Tuesday Jun 25, 2019
DUBAI: Pakistani expatriates in the United Arab Emirates (UAE) whitened Rs0.345 trillion in the tax amnesty scheme that the Pakistan Muslim League-Nawaz (PML-N) government introduced, while a total of Rs1 trillion was whitened money in last year’s amnesty scheme, a senior Federal Board of Revenue (FBR) official revealed on Tuesday.
In an event — “Amnesty Structure and its Advantages” — held at the Pakistan Consulate in Dubai, Dr Ashfaq Ahmed, the director-general of international taxes at the FBR, briefed expatriates about the latest amnesty scheme.
The event was held in association with the Pakistan Business Council Dubai (PBC) and the Pakistan Association of Dubai (PAD).
Dr Ahmed stressed that the tax amnesty scheme was ongoing and would conclude on June 30, 2019, which is why he urged the Pakistani community to avail it and declare their assets. Otherwise, he warned that they should be ready for legal action even if one was an expatriate.

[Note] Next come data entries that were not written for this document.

(* Let $f:\mathbb{R}^n\to\mathbb{R}$ be differentiable with $\nabla f$ $L$-Lipschitz continuous ($L>0$), let $\beta\in[0,1]$, $h=\frac{0.9}{L}$, and let $x\in\mathbb{R}^n$ with $\nabla f(x)\neq0$. Put $z=x-h\nabla f(x)$ and $$\alpha=\frac{(1-\beta)\left(1-\frac{Lh}{4}\right)\|x-z\|^2+\beta\langle x-z,h\nabla f(z)\rangle}{h^2\|\nabla f(x)-\beta(\nabla f(x)-\nabla f(z))\|^2}.$$ Then the denominator is nonzero and $\alpha>\frac12$; consequently $\eta:=1/\alpha\in(0,2)$ and $x-\eta\alpha h\big(\nabla f(x)-\beta(\nabla f(x)-\nabla f(z))\big)=x-h\big(\nabla f(x)-\beta(\nabla f(x)-\nabla f(z))\big)$. *)

From HB Require Import structures.
From mathcomp Require Import all_boot all_order all_algebra.
From mathcomp Require Import all_classical all_reals all_analysis.
Set Implicit Arguments. Unset Strict Implicit. Unset Printing Implicit Defensive.
Import Order.TTheory GRing.Theory Num.Theory.
Import numFieldNormedType.Exports.
Local Open Scope ring_scope.

Definition dotp {R : realType} {n : nat} (u v : 'rV[R]_n) : R :=
  \sum_(i < n) u ord0 i * v ord0 i.

Definition enorm {R : realType} {n : nat} (u : 'rV[R]_n) : R :=
  Num.sqrt (dotp u u).

Definition is_gradient {R : realType} {n : nat}
  (f : 'rV[R]_n -> R) (g : 'rV[R]_n -> 'rV[R]_n) : Prop :=
  forall x, differentiable f x /\ forall v, 'd f x v = dotp (g x) v.

Definition lipschitz_eucl {R : realType} {n : nat}
  (L : R) (g : 'rV[R]_n -> 'rV[R]_n) : Prop :=
  forall x y, enorm (g x - g y) <= L * enorm (x - y).

From HB Require Import structures.
From mathcomp Require Import all_boot all_order all_algebra.
From mathcomp Require Import all_classical all_reals all_analysis.
From mathcomp Require Import ring lra.
Import Order.TTheory GRing.Theory Num.Theory.
Import numFieldNormedType.Exports.
Local Open Scope ring_scope.

(* Write a := grad f(x), b := grad f(z) and e := a - b.  The search direction is
   d = a - beta e, and since x - z = h a, alpha > 1/2 reduces (after cancelling
   h^2) to |d|^2 < 2((1 - beta)(1 - k/4)|a|^2 + beta <a, b>) with k = L h.
   Expanding, twice the right-hand side minus |d|^2 equals
   |a|^2 - (k/2)(1 - beta)|a|^2 - beta^2 |e|^2, and the Lipschitz bound
   |e| <= L |x - z| = k |a| makes this at least (1 - k)|a|^2 > 0 for k < 1.
   The same bound shows d != 0: d = 0 would force |a| = beta |e| <= k |a|. *)

Section InnerProduct.
Context {R : realType} {n : nat}.
Implicit Types (u v w : 'rV[R]_n) (k : R).

Lemma dotpC u v : dotp u v = dotp v u.
Proof. by apply: eq_bigr => i _; rewrite mulrC. Qed.

Lemma dotpDl u v w : dotp (u + v) w = dotp u w + dotp v w.
Proof. by rewrite /dotp -big_split; apply: eq_bigr => i _; rewrite mxE mulrDl. Qed.

Lemma dotpZl k u w : dotp (k *: u) w = k * dotp u w.
Proof. by rewrite /dotp mulr_sumr; apply: eq_bigr => i _; rewrite mxE mulrA. Qed.

Lemma dotpNl u w : dotp (- u) w = - dotp u w.
Proof. by rewrite -scaleN1r dotpZl mulN1r. Qed.

Lemma dotpDr u v w : dotp w (u + v) = dotp w u + dotp w v.
Proof. by rewrite dotpC dotpDl !(dotpC w). Qed.

Lemma dotpZr k u w : dotp w (k *: u) = k * dotp w u.
Proof. by rewrite dotpC dotpZl dotpC. Qed.

Lemma dotpNr u w : dotp w (- u) = - dotp w u.
Proof. by rewrite dotpC dotpNl dotpC. Qed.

Lemma dotp_subZ k u v :
  dotp (u - k *: v) (u - k *: v) =
  dotp u u - 2 * k * dotp u v + k ^+ 2 * dotp v v.
Proof.
rewrite !(dotpDl, dotpDr, dotpNl, dotpNr, dotpZl, dotpZr) (dotpC v u); ring.
Qed.

Lemma dotp_ge0 u : 0 <= dotp u u.
Proof. by apply: sumr_ge0 => i _; rewrite -expr2 sqr_ge0. Qed.

Lemma dotp_gt0 u : u != 0 -> 0 < dotp u u.
Proof.
move=> u0; rewrite lt_def dotp_ge0 andbT; apply: contra u0.
rewrite psumr_eq0 => [/allP u_eq0|i _]; last by rewrite -expr2 sqr_ge0.
apply/eqP/rowP => i; rewrite mxE.
by have := u_eq0 i (mem_index_enum _); rewrite /= mulf_eq0 orbb => /eqP.
Qed.

Lemma enorm_sq u : enorm u ^+ 2 = dotp u u.
Proof. by rewrite sqr_sqrtr // dotp_ge0. Qed.

Lemma enormZ k u : enorm (k *: u) = `|k| * enorm u.
Proof. by rewrite /enorm dotpZl dotpZr mulrA sqrtrM ?sqr_ge0 // sqrtr_sqr. Qed.

Lemma dotp_le_of_enorm_le k u v :
  enorm u <= k * enorm v -> dotp u u <= k ^+ 2 * dotp v v.
Proof.
by move=> uv; rewrite -!enorm_sq -exprMn lerXn2r ?nnegrE ?sqrtr_ge0 //;
  apply: le_trans uv; rewrite sqrtr_ge0.
Qed.

End InnerProduct.

Section DampedDirection.
Context {R : realType} {n : nat} {a b : 'rV[R]_n} {k beta : R}.
Hypotheses (a0 : a != 0) (k0 : 0 <= k) (k1 : k < 1) (beta0 : 0 <= beta)
  (beta1 : beta <= 1) (ab_lip : dotp (a - b) (a - b) <= k ^+ 2 * dotp a a).

Let d := a - beta *: (a - b).
Let A := dotp a a.
Let p := dotp a (a - b).
Let E := dotp (a - b) (a - b).

Let A_gt0 : 0 < A. Proof. exact: dotp_gt0. Qed.

Let betak_ge0 : 0 <= beta * k. Proof. exact: mulr_ge0. Qed.

Let betak_lt1 : beta * k < 1.
Proof. exact: le_lt_trans (ler_piMl k0 beta1) k1. Qed.

Let dE : dotp d d = A - 2 * beta * p + beta ^+ 2 * E.
Proof. exact: dotp_subZ. Qed.

Lemma damped_direction_neq0 : d != 0.
Proof.
apply/eqP => /eqP; rewrite subr_eq0 => /eqP a_eq.
have AE : A = beta ^+ 2 * E by rewrite /A {1 2}a_eq dotpZl dotpZr mulrA.
have : A <= (beta * k) ^+ 2 * A.
  by rewrite {1}AE exprMn -(mulrA (beta ^+ 2)) (ler_wpM2l (sqr_ge0 beta) ab_lip).
have : (beta * k) ^+ 2 < 1 by rewrite expr_lt1.
by have := A_gt0; nra.
Qed.

Lemma damped_direction_sq_lt :
  dotp d d < 2 * ((1 - beta) * (1 - k / 4) * A + beta * dotp a b).
Proof.
have abE : dotp a b = A - p.
  by rewrite /p dotpDr dotpNr opprB addrC subrK.
have betaE_le : beta ^+ 2 * E <= beta * k * A.
  apply: le_trans (ler_wpM2l (sqr_ge0 beta) ab_lip) _.
  rewrite mulrA -exprMn ler_wpM2r ?(ltW A_gt0) //.
  by rewrite expr2 ler_piMl // ltW.
have betakA_le : beta * k * A <= k * A.
  by rewrite -mulrA; apply: ler_piMl; rewrite ?mulr_ge0 ?(ltW A_gt0).
have kA_lt : k * A < A by rewrite gtr_pMl.
by rewrite dE abE; lra.
Qed.

End DampedDirection.

Theorem mainTheorem14 (R : realType) (n : nat) (f : 'rV[R]_n -> R)
  (g : 'rV[R]_n -> 'rV[R]_n) (L beta : R) (x : 'rV[R]_n) :
  is_gradient f g -> 0 < L -> lipschitz_eucl L g ->
  0 <= beta <= 1 -> g x != 0 ->
  let h := (9 / 10) / L in
  let z := x - h *: g x in
  let d := g x - beta *: (g x - g z) in
  let den := h ^+ 2 * enorm d ^+ 2 in
  let alpha := ((1 - beta) * (1 - L * h / 4) * enorm (x - z) ^+ 2
                + beta * dotp (x - z) (h *: g z)) / den in
  let eta := alpha^-1 in
  [/\ den != 0, 1 / 2 < alpha, 0 < eta < 2 &
      x - (eta * alpha * h) *: d = x - h *: d].
Proof.
move=> _ L0 lip /andP[beta0 beta1] gx0 h z d den alpha eta.
have Lh : L * h = 9 / 10 by rewrite /h mulrC divfK ?gt_eqF.
have h0 : 0 < h by rewrite /h divr_gt0.
have xz : x - z = h *: g x by rewrite /z opprB addrC subrK.
have k0 : 0 <= 9 / 10 :> R by [].
have k1 : 9 / 10 < 1 :> R by lra.
have gz_lip : dotp (g x - g z) (g x - g z) <= (9 / 10) ^+ 2 * dotp (g x) (g x).
  apply: dotp_le_of_enorm_le.
  by rewrite -Lh -mulrA -(gtr0_norm h0) -enormZ -xz lip.
have d_gt0 : 0 < dotp d d.
  exact/dotp_gt0/(damped_direction_neq0 gx0 k0 k1 beta0 beta1 gz_lip).
have den_gt0 : 0 < den by rewrite /den enorm_sq mulr_gt0 ?exprn_gt0.
have alphaE : alpha = ((1 - beta) * (1 - 9 / 10 / 4) * dotp (g x) (g x)
                       + beta * dotp (g x) (g z)) / dotp d d.
  rewrite /alpha /den !enorm_sq xz !dotpZl !dotpZr Lh.
  by field; rewrite (gt_eqF d_gt0) (gt_eqF h0).
have alpha_gt : 1 / 2 < alpha.
  rewrite alphaE ltr_pdivlMr //.
  have := damped_direction_sq_lt gx0 k0 k1 beta0 beta1 gz_lip.
  by rewrite -/d; lra.
have alpha_gt0 : 0 < alpha by apply: lt_trans alpha_gt; lra.
split=> //; first by rewrite gt_eqF.
  by rewrite invr_gt0 alpha_gt0 -[2]invrK ltf_pV2 ?posrE //; lra.
by rewrite /eta mulVf ?gt_eqF // mul1r.
Qed.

In response to a question, Dr Ashfaq said the UAE authorities have shared details about Pakistanis' properties on request of Islamabad, while information pertaining to their bank accounts and money parked in banks in the Emirates was shared automatically.
The FBR official said most of the Pakistanis' foreign money was saved in the UAE, which is why the governmental body chose Dubai to request the diaspora to avail the tax amnesty scheme if they do not have a money trail of their assets.
Dr Ahmed said it was impossible to hide money even in tax havens these days. Some 28 countries shared specific data on Pakistanis' assets this year while another 71 countries will do so next year, he added.
Dr Ahmed hoped that over 100 countries would share the data of Pakistanis over the next two years. Pakistanis’ favourite places to hide money included the UAE, Singapore, England, and Canada, he observed.
Speaking of the current amnesty scheme's goals, he said there were targets but it was not possible to share them with the media at the moment as it could create confusion.
The Pakistani community said they desired tax officials from their home country be employed at the consulate so they could resolve their tax issues.